• **Exercise directions**
In the entries below, find each line where the word "this" appears and give only the total count of such lines.

[Stored data]
----
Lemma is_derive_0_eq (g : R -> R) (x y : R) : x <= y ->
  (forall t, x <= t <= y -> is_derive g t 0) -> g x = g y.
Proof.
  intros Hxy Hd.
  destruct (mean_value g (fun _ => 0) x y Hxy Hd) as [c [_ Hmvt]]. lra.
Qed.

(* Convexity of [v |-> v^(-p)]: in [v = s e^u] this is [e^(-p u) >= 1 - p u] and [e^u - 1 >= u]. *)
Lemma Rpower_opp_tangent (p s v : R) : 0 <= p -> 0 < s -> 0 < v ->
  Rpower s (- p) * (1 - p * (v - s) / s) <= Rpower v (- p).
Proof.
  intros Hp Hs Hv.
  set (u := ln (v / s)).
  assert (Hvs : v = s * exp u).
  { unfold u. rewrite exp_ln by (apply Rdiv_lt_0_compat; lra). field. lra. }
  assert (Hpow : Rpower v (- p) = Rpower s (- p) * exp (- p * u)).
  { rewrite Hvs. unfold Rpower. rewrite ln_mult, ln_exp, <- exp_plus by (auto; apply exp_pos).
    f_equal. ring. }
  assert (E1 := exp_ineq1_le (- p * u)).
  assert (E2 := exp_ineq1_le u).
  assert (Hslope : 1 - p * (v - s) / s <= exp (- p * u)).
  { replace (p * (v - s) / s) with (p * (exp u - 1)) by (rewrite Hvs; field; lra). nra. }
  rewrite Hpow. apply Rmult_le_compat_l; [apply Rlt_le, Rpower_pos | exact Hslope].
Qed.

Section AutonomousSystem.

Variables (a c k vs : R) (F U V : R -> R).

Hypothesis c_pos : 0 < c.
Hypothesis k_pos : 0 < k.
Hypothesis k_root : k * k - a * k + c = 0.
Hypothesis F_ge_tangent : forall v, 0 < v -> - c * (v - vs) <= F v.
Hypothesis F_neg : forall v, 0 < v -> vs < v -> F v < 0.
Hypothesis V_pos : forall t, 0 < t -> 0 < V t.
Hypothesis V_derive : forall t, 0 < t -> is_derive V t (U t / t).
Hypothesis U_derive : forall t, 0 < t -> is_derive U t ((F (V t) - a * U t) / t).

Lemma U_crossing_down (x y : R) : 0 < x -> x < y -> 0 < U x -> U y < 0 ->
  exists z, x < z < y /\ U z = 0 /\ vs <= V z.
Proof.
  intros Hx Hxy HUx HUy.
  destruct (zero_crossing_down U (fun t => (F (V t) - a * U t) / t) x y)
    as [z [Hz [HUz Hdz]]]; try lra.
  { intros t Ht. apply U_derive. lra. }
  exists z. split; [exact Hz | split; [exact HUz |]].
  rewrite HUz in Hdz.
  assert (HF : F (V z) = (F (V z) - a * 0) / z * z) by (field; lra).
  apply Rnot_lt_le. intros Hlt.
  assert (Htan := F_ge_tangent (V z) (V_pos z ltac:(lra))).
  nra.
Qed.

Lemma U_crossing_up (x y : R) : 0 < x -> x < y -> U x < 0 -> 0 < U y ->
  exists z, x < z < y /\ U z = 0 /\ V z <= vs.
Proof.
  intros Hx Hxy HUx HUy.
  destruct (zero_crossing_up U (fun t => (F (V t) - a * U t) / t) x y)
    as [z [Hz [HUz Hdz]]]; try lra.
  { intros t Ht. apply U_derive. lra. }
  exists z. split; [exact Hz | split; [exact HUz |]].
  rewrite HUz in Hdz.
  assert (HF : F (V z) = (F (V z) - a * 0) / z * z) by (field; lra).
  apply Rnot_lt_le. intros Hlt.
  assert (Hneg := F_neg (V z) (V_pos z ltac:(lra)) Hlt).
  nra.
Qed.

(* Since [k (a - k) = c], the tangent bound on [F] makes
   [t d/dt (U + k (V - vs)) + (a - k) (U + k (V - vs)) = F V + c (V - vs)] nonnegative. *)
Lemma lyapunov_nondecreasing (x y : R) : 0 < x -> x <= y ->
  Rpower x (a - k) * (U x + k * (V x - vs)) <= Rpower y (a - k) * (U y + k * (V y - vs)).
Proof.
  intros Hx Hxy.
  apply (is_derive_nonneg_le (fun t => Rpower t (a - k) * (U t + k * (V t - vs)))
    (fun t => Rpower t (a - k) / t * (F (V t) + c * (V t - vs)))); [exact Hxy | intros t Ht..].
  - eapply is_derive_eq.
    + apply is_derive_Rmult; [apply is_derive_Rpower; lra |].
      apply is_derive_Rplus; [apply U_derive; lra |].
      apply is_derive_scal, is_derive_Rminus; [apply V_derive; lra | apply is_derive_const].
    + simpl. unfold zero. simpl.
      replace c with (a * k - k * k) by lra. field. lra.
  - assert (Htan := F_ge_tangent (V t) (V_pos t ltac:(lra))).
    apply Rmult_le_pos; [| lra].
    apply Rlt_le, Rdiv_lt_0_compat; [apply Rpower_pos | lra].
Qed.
----
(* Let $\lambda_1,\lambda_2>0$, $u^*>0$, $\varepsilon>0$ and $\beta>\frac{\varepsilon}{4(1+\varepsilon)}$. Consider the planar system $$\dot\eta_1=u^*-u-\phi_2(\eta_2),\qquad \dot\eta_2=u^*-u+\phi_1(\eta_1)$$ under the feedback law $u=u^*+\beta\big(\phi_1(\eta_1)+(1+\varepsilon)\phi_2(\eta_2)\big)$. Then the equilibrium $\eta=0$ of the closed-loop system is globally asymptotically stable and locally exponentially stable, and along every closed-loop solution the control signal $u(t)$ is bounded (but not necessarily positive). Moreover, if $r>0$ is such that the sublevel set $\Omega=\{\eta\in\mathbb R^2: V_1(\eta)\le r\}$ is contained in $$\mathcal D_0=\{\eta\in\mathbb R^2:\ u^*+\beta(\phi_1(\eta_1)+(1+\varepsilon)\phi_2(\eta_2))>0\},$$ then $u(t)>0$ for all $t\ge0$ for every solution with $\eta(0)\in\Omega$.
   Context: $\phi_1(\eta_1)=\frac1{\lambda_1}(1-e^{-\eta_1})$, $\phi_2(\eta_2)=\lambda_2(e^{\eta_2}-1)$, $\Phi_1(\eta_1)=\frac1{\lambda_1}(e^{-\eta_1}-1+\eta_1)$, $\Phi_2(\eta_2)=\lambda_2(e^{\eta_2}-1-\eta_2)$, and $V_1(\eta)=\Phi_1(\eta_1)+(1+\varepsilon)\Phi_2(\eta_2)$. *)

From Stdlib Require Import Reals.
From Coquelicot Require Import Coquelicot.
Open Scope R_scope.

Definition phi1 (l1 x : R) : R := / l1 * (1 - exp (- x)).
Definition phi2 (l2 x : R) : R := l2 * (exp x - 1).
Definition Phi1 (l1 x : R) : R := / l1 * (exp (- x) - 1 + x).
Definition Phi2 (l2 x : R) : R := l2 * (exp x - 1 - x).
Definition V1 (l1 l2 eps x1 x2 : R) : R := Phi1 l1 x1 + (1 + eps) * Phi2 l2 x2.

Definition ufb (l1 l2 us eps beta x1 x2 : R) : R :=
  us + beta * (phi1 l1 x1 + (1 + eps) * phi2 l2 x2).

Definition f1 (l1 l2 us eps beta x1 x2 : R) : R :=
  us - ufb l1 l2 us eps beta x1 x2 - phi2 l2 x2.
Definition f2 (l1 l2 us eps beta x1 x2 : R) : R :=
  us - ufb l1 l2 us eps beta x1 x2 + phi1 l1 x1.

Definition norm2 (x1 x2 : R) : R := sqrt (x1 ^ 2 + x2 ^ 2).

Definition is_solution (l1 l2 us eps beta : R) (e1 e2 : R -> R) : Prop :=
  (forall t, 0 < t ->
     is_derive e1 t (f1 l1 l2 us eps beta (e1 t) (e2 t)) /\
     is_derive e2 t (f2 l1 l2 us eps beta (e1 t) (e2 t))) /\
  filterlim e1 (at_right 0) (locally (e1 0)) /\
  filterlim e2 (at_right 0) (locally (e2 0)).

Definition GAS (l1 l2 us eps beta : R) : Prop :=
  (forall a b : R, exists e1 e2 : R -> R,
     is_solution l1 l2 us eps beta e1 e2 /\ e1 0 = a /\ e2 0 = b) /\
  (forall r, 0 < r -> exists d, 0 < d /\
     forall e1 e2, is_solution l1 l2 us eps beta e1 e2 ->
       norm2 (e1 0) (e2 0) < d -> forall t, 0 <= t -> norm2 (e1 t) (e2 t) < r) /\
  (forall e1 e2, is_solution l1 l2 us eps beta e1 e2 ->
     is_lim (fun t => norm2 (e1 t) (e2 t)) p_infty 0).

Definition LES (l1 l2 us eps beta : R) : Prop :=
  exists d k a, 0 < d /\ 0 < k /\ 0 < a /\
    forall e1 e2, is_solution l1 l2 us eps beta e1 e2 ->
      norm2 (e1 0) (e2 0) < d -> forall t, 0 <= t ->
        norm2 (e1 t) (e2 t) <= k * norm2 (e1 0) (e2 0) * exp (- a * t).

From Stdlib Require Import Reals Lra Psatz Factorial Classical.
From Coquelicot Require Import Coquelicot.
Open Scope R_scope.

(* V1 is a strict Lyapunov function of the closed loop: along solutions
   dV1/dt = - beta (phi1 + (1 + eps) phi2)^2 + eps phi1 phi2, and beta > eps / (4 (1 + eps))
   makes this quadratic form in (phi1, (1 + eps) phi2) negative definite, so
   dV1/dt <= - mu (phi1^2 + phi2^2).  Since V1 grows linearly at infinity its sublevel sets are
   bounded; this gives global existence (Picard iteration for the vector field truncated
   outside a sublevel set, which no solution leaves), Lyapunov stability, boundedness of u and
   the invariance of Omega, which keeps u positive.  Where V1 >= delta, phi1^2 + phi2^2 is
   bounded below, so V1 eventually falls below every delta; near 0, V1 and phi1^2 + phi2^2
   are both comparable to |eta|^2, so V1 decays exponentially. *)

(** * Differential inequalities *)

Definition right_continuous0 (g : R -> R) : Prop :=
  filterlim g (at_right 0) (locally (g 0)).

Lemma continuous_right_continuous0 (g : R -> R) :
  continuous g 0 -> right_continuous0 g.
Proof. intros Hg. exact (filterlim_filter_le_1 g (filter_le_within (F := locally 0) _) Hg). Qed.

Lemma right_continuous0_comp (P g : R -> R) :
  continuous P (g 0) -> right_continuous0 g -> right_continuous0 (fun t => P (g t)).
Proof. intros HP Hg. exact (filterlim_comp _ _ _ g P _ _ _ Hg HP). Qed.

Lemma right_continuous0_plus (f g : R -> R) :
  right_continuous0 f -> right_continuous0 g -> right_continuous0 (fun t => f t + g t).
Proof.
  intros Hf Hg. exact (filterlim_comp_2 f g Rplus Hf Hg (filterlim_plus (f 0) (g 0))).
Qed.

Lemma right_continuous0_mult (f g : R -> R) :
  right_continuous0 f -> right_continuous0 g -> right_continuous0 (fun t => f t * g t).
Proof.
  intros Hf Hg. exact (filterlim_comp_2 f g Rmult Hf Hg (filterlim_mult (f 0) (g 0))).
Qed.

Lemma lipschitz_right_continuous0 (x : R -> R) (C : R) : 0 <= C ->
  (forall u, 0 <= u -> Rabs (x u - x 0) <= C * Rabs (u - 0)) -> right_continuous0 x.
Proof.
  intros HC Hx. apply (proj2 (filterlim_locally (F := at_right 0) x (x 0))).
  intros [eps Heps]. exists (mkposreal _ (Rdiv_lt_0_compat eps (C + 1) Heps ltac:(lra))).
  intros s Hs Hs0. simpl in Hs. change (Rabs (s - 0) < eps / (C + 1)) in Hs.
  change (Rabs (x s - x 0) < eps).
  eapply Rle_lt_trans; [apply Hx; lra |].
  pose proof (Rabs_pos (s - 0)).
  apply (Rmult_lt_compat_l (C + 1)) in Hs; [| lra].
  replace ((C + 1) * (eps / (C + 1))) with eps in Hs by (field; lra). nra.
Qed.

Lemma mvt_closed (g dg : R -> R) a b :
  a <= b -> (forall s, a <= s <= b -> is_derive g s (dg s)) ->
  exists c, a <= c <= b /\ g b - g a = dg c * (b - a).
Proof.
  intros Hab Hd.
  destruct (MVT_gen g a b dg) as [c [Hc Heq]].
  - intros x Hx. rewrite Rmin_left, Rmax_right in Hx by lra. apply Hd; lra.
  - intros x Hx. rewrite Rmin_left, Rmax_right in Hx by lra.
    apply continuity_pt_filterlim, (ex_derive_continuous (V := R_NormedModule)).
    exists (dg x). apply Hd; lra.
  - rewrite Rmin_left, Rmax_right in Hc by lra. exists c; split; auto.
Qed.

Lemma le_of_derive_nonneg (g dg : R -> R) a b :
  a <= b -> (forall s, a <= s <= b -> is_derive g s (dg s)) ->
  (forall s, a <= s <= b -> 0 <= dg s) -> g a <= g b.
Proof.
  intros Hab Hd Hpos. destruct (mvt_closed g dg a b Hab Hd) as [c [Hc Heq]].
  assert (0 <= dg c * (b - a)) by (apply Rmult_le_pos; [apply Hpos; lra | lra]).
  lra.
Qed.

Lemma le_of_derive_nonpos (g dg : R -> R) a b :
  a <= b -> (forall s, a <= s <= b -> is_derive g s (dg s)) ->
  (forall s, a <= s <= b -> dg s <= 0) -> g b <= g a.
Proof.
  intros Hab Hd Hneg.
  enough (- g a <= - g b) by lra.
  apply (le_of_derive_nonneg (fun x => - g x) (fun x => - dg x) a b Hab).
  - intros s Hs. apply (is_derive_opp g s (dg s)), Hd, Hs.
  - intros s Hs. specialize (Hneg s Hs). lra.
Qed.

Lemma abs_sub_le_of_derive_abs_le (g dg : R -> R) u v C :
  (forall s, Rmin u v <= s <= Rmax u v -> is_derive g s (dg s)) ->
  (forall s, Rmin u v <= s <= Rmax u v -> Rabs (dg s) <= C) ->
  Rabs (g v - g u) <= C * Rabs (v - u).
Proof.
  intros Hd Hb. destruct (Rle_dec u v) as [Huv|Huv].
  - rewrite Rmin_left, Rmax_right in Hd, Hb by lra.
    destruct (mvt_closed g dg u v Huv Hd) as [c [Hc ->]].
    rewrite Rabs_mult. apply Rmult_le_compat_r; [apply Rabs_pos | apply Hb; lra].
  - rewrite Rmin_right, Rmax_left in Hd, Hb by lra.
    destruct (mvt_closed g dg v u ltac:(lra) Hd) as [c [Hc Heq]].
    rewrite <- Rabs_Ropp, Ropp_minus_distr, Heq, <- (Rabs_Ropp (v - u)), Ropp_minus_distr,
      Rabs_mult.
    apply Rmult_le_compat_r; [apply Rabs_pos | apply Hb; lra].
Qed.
----
• **Task answer**
3